A Fundação preparou uma campanha online, intitulada "#Eaigoverno?", na qual cobra políticas eficazes para reduzir o consumo de produtos de tabaco, que será veiculada em mídias sociais,  como Twitter (twitter.com/fdocancer), Facebook (facebook.com/fundacaodocancer) e website (cancer.org.br) entre 23 e 31 de maio. A intenção é que internautas apoiem, curtam e compartilhem os posts e mandem mensagens para o Twitter cobrando  as medidas. Para gerar o tuitaço, os que aderirem à proposta devem escrever a hashtag # seguida do nome da campanha, E aí governo?,  para endereçar as frases no Twitter.
 
"Documentos internos das  empresas de tabaco reconhecem   a restrição  ao fumo como uma ameaça  para seus  negócios, já que contribui  para que muitas pessoas deixem de fumar e outras nem comecem", esclarece Marcos Moraes, presidente do Conselho de Curadores da Fundação do Câncer.
 
LEI ANTIFUMO 12.546/11
A lei 12.546/11, sancionada pela presidente Dilma Rousseff em dezembro de 2011, proíbe a propaganda em pontos de venda (PDVs) e o fumo em ambientes fechados em todo o país. No entanto, está sem regulamentação e, por isso, não é cumprida. Uma das principais medidas preconizadas pela Convenção Quadro para o Controle do Tabaco, o tratado internacional de saúde da qual o país é signatário,  é a proibição da propaganda de cigarros.
 
De acordo com dados internacionais, as leis antifumo melhoram  a saúde pública, não apenas por reduzir a exposição do público ao tabagismo passivo, mas também por ajudar os fumantes que querem parar de fumar.  As leis também conduzem a mudanças nos padrões sociais, de modo que os não-fumantes, incluindo os jovens, optem por  não começar a fumar.
 
Ambientes livres de fumo
Segundo pesquisa Datafolha feita em São Paulo, em abril, por encomenda da Aliança de Controle do Tabagismo, nove entre dez paulistanos aprovam a lei antifumo, que entrou em vigor no estado em 2009. Quase a totalidade dos entrevistados se sente beneficiada com a lei antifumo e considera que frequentar lugares públicos fechados se tornou mais agradável depois dessa medida, incluindo mais de 70% de fumantes.  Para 89% dos paulistanos, é importante que esta lei seja implementada em nível nacional.
 
"Infelizmente, essa nova lei  ainda   não começou a ser  implementada, pois aguarda há mais de um ano por um decreto  regulamentando os parâmetros para sua fiscalização e para definir  se a proibição também acontecerá em espaços como varandas e terraços de estabelecimentos", lamenta Marcos Moraes.
 
Propaganda em pontos de venda
No Brasil, apesar da restrição na TV e em veículos de comunicação de massa, a propaganda de cigarro continua forte nos pontos de vendas, como padarias, lanchonetes, bares, lojas de conveniência, atraindo jovens e crianças com displays luminosos, além de embalagens coloridas e brindes.
 
A pesquisa Datafolha também constatou que a maioria da população paulistana é favorável à adoção de medidas de redução de consumo dos cigarros:
 
76% concordam que a  exposição do cigarro estimula o consumo e a compra
76% apoiam que os cigarros sejam vendidos embaixo do balcão, como acontece em alguns países (Inglaterra, Escócia, Canadá)

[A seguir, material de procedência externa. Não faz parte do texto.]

(* Fix integers $k_1,k_2$ with $-1\le k_1\le k_2$ and $g\ge 4k_1+3$. Suppose $\overline{x}=(x_1,\ldots,x_{2k_1+1})\in\{1,2,3\}^{2k_1+1}$ satisfies: (1) whenever $i_1,i_2,i_3\in[1,2k_1+1]$ satisfy $i_1+i_2=i_3$, we have $(x_{i_1},x_{i_2},x_{i_3})\ne(1,1,3)$; (2) $a(\overline{x})+b(\overline{x})-c(\overline{x})=2k_1+1-k_2$; (3) $a(\overline{x})+2b(\overline{x})\le k_1+1$. Then the number of numerical semigroups $S$ with $g(S)=g$, $m(S)=g-k_1$, $e(S)=g-k_2$, and whose Kunz coordinate vector with respect to $m=m(S)$ has first $2k_1+1$ coordinates equal to $\overline{x}$, is \[\binom{g-3k_1-2}{k_1+1-a(\overline{x})-2b(\overline{x})}.\]
   Context: A numerical semigroup $S$ is a submonoid of $\mathbb{N}_0$ with finite complement; $g(S)$ is the size of the complement, $m(S)$ the smallest nonzero element, $e(S)$ the size of the minimal generating set $(S\setminus\{0\})\setminus((S\setminus\{0\})+(S\setminus\{0\}))$. For $m=m(S)$, the Apéry set $\{s\in S: s-m\notin S\}$ contains exactly one element $a_i$ in each residue class $i$ mod $m$; writing $a_i=k_im+i$ for $1\le i\le m-1$, the Kunz coordinate vector of $S$ with respect to $m$ is $(k_1,\ldots,k_{m-1})$. For $\overline{x}=(x_1,\ldots,x_t)\in\{1,2,3\}^t$: $a(\overline{x})=\#\{i: x_i=2\}$, $b(\overline{x})=\#\{i: x_i=3\}$, $c(\overline{x})=\#\{i\in[1,t]: \exists j_1,j_2\in[1,t],\ j_1+j_2=i,\ (x_{j_1},x_{j_2},x_i)=(1,1,2)\}$. *)

From mathcomp Require Import all_boot all_order all_algebra.
Set Implicit Arguments. Unset Strict Implicit. Unset Printing Implicit Defensive.
Import Order.TTheory GRing.Theory Num.Theory.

75% são favoráveis ao aumento de preços e impostos de cigarros
Segundo a OMS, atualmente a epidemia de tabaco mata cerca de seis milhões de pessoas, a cada ano, sendo que 600 mil são não fumantes, vítimas do tabagismo passivo. A previsão da entidade é que aconteçam oito milhões de mortes anuais, em 2030, se nenhuma medida for tomada. Mais de 80% dessas mortes acontecerão nos países de média e baixa rendas.